-- What you need to do --
Copy the lines verbatim, beginning with the line that contains "by rewrite exprD" and continuing through the end of the data, and only those lines.

- - -

(* Let $p$ be an odd prime, $q=p^m$, and let $k$ be an integer with $0<k<m$. Let $b,c\in\mathbb F_{q^2}^*$ with $\mathrm N(b)=\mathrm N(c)$, let $c_0\in\mathbb F_{q^2}$, let $\ell(x)=(bx^q+cx)^{p^k}-c_0(bx^q+cx)$ and $f(x)=x^{q+1}+\ell(x^2)$. Then $f$ is a planar function on $\mathbb F_{q^2}$ if and only if all of the following hold: (i) $(b^{-1}c)^{\frac{q+1}2}=-1$; (ii) $\omega^{q-1}\ne b^qc^{-1}$ for every $\omega\in\mathbb F_{q^2}^*$ such that $\omega^{p^k-1}=c_0$; (iii) $\omega^{q-1}\ne b^qc^{-1}$ for every $\omega\in\mathbb F_{q^2}^*$ such that $((b^{-1}c^q)^{p^k}-1)\omega^{p^k-1}=b^{-1}c^qc_0^q-c_0$. In particular, if $d=\gcd(p^k-1,q^2-1)$ divides $q-1$ (equivalently, $\gcd(k,2m)$ divides $m$), then conditions (ii) and (iii) are respectively equivalent to (ii') $c_0^{(q-1)/d}\ne(b^qc^{-1})^{(p^k-1)/d}$, and (iii') $(b^{-1}c^qc_0^q-c_0)^{(q-1)/d}\ne((b^{-1}c^q)^{p^k}-1)^{(q-1)/d}(b^qc^{-1})^{(p^k-1)/d}$.
   Context: $\mathrm N$ denotes the norm from $\mathbb F_{q^2}$ to $\mathbb F_q$, $\mathrm N(u)=u^{q+1}$. A function $f$ on $\mathbb F_{q^n}$ is planar if for every $c\in\mathbb F_{q^n}^*$ the map $x\mapsto f(x+c)-f(x)$ is a permutation of $\mathbb F_{q^n}$. *)

From mathcomp Require Import all_boot all_order all_algebra all_field.
Set Implicit Arguments. Unset Strict Implicit. Unset Printing Implicit Defensive.
Import GRing.Theory.
Local Open Scope ring_scope.

Definition normF (F : finFieldType) (q : nat) (u : F) : F := u ^+ q.+1.

Definition planar (F : finFieldType) (f : F -> F) : Prop :=
  forall c : F, c != 0 -> bijective (fun x => f (x + c) - f x).

Definition ell (F : finFieldType) (p m k : nat) (b c c0 : F) (x : F) : F :=
  (b * x ^+ (p ^ m) + c * x) ^+ (p ^ k) - c0 * (b * x ^+ (p ^ m) + c * x).

Definition fpoly (F : finFieldType) (p m k : nat) (b c c0 : F) (x : F) : F :=
  x ^+ (p ^ m).+1 + ell p m k b c c0 (x ^+ 2).

From mathcomp Require Import all_boot all_order all_algebra all_field.
From mathcomp Require Import cyclic ring zify.
Import GRing.Theory.
Local Open Scope ring_scope.
Set Implicit Arguments. Unset Strict Implicit.

(* Write M(u) = b u^q + c u and L(u) = M(u)^r - c0 M(u) with r = p^k.  Both
   maps are additive, so f(x + a) - f(x) = f(a) + D_a(x) with D_a(x) =
   a x^q + a^q x + L(2ax) additive in x, and f is planar iff D_a has no nonzero
   root for a != 0.
   For a root x, u = 2ax has L(u) = -(a x^q + a^q x) in F_q.  Since N(b) = N(c),
   M(u)^q = t M(u) with t = b^q / c; hence either M(u) = 0, which makes b^-1 c
   the square of a (q-1)-th power and contradicts (i), or v = M(u) satisfies
   v^(q-1) = t and the equation of (iii).  Conversely, if (i) fails a root is
   found inside the kernel of M, and if (iii) fails with witness v a root is
   found on the F_q-line M^-1(v): by pigeonhole, some point of that line has
   the same norm as some element of trace -L(v), and Hilbert 90 turns this
   coincidence into a root.  Condition (ii) follows from (iii).  The gcd forms
   of (ii) and (iii) come from the cyclicity of the units of F_(q^2). *)

(** * Roots of unity in a finite field *)

Section UnitRoots.

Variable F : finFieldType.

Lemma expf_card_unit (x : F) : x != 0 -> x ^+ #|F|.-1 = 1.
Proof.
move=> x_neq0; have := expf_card x; rewrite -(ltn_predK (finNzRing_gt1 F)) exprS.
by move/(canRL (mulKf x_neq0)); rewrite mulVf.
Qed.

Lemma unity_root_neq0 (n : nat) (z : F) : (0 < n)%N -> z ^+ n = 1 -> z != 0.
Proof.
move=> n_gt0 z_unity; apply: contra_eq_neq z_unity => ->.
by rewrite expr0n gtn_eqF // eq_sym oner_eq0.
Qed.

Lemma prim_root_exists : {g : F | (#|F|.-1).-primitive_root g}.
Proof.
have F1_gt0 : (0 < #|F|.-1)%N by rewrite -subn1 subn_gt0 finNzRing_gt1.
have units_unity : all (#|F|.-1).-unity_root (enum (predC1 (0 : F))).
  apply/allP => x; rewrite mem_enum /= unity_rootE => x_neq0.
  by rewrite expf_card_unit.
have := has_prim_root F1_gt0 units_unity (enum_uniq _).
rewrite -cardE cardC1 leqnn => /(_ isT) /hasP has_g.
by apply: sigW; case: has_g => g _ g_prim; exists g.
Qed.

Lemma unity_root_expr_onto (n e : nat) (x : F) :
  (0 < e)%N -> (n %| #|F|.-1)%N -> x ^+ (n %/ gcdn e n) = 1 ->
  exists2 z : F, z ^+ n = 1 & z ^+ e = x.
Proof.
move=> e_gt0 n_dvd x_unity; have [g g_prim] := prim_root_exists.
have n_gt0 : (0 < n)%N by apply: dvdn_gt0 n_dvd; rewrite -subn1 subn_gt0 finNzRing_gt1.
set N := #|F|.-1 in g_prim n_dvd; set s := (N %/ n)%N; set d := gcdn e n.
have N_eq : N = (s * n)%N by rewrite divnK.
have d_gt0 : (0 < d)%N by rewrite gcdn_gt0 e_gt0.
have n_eq : n = (d * (n %/ d))%N by rewrite mulnC divnK ?dvdn_gcdr.
have nd_gt0 : (0 < n %/ d)%N by rewrite divn_gt0 // dvdn_leq ?dvdn_gcdr.
have xN : x ^+ N = 1.
  by rewrite N_eq {1}n_eq mulnA mulnC exprM x_unity expr1n.
move: x_unity; have [[i _] /= ->] := prim_rootP g_prim xN.
rewrite -exprM => /eqP; rewrite -(prim_order_dvd g_prim) -/d.
rewrite N_eq {1}n_eq mulnA dvdn_pmul2r // => /dvdnP[j ->].
have [u v uv _] := egcdnP n e_gt0.
exists (g ^+ (s * u * j)); rewrite -exprM.
  have -> : (s * u * j * n = N * (u * j))%N by rewrite N_eq; nia.
  by rewrite exprM (prim_expr_order g_prim) expr1n.
have -> : (s * u * j * e = N * (j * v) + j * (s * d))%N by rewrite N_eq; nia.
by rewrite exprD exprM (prim_expr_order g_prim) expr1n mul1r.
Qed.

End UnitRoots.

(** * Fields of order q^2 *)

Section QuadraticExtension.

Variables (F : finFieldType) (q : nat).
Hypothesis cardF : #|F| = (q ^ 2)%N.

Lemma q_gt1 : (1 < q)%N.
Proof. by have := finNzRing_gt1 F; rewrite cardF -{1}(exp1n 2) ltn_exp2r. Qed.

Lemma card_unit_sq : #|F|.-1 = ((q - 1) * q.+1)%N.
Proof. by rewrite cardF; have := q_gt1; nia. Qed.

Lemma exprqq (x : F) : (x ^+ q) ^+ q = x.
Proof. by rewrite -exprM mulnn -cardF expf_card. Qed.

Lemma exprq_sub1 (x : F) : x ^+ q = x ^+ (q - 1) * x.
Proof. by rewrite -exprSr subn1 prednK // ltnW // q_gt1. Qed.

Lemma expr_unit_q1 (x : F) : x != 0 -> x ^+ ((q - 1) * q.+1) = 1.
Proof. by rewrite -card_unit_sq; apply: expf_card_unit. Qed.

Lemma hilbert90 (t : F) : t ^+ q.+1 = 1 -> exists2 w : F, w != 0 & w ^+ (q - 1) = t.
Proof.
move=> t_norm; have q1_gt0 : (0 < q - 1)%N by have := q_gt1; lia.
have [|w w_unit <-] := @unity_root_expr_onto F _ (q - 1) t q1_gt0 (dvdnn _).
  by rewrite card_unit_sq gcdnMr mulKn.
exists w => //; apply: unity_root_neq0 w_unit.
by rewrite card_unit_sq muln_gt0 q1_gt0.
Qed.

- - -

-- Result --
by rewrite exprD exprM (prim_expr_order g_prim) expr1n mul1r.
Qed.

End UnitRoots.

(** * Fields of order q^2 *)

Section QuadraticExtension.

Variables (F : finFieldType) (q : nat).
Hypothesis cardF : #|F| = (q ^ 2)%N.

Lemma q_gt1 : (1 < q)%N.
Proof. by have := finNzRing_gt1 F; rewrite cardF -{1}(exp1n 2) ltn_exp2r. Qed.

Lemma card_unit_sq : #|F|.-1 = ((q - 1) * q.+1)%N.
Proof. by rewrite cardF; have := q_gt1; nia. Qed.

Lemma exprqq (x : F) : (x ^+ q) ^+ q = x.
Proof. by rewrite -exprM mulnn -cardF expf_card. Qed.

Lemma exprq_sub1 (x : F) : x ^+ q = x ^+ (q - 1) * x.
Proof. by rewrite -exprSr subn1 prednK // ltnW // q_gt1. Qed.

Lemma expr_unit_q1 (x : F) : x != 0 -> x ^+ ((q - 1) * q.+1) = 1.
Proof. by rewrite -card_unit_sq; apply: expf_card_unit. Qed.

Lemma hilbert90 (t : F) : t ^+ q.+1 = 1 -> exists2 w : F, w != 0 & w ^+ (q - 1) = t.
Proof.
move=> t_norm; have q1_gt0 : (0 < q - 1)%N by have := q_gt1; lia.
have [|w w_unit <-] := @unity_root_expr_onto F _ (q - 1) t q1_gt0 (dvdnn _).
  by rewrite card_unit_sq gcdnMr mulKn.
exists w => //; apply: unity_root_neq0 w_unit.
by rewrite card_unit_sq muln_gt0 q1_gt0.
Qed.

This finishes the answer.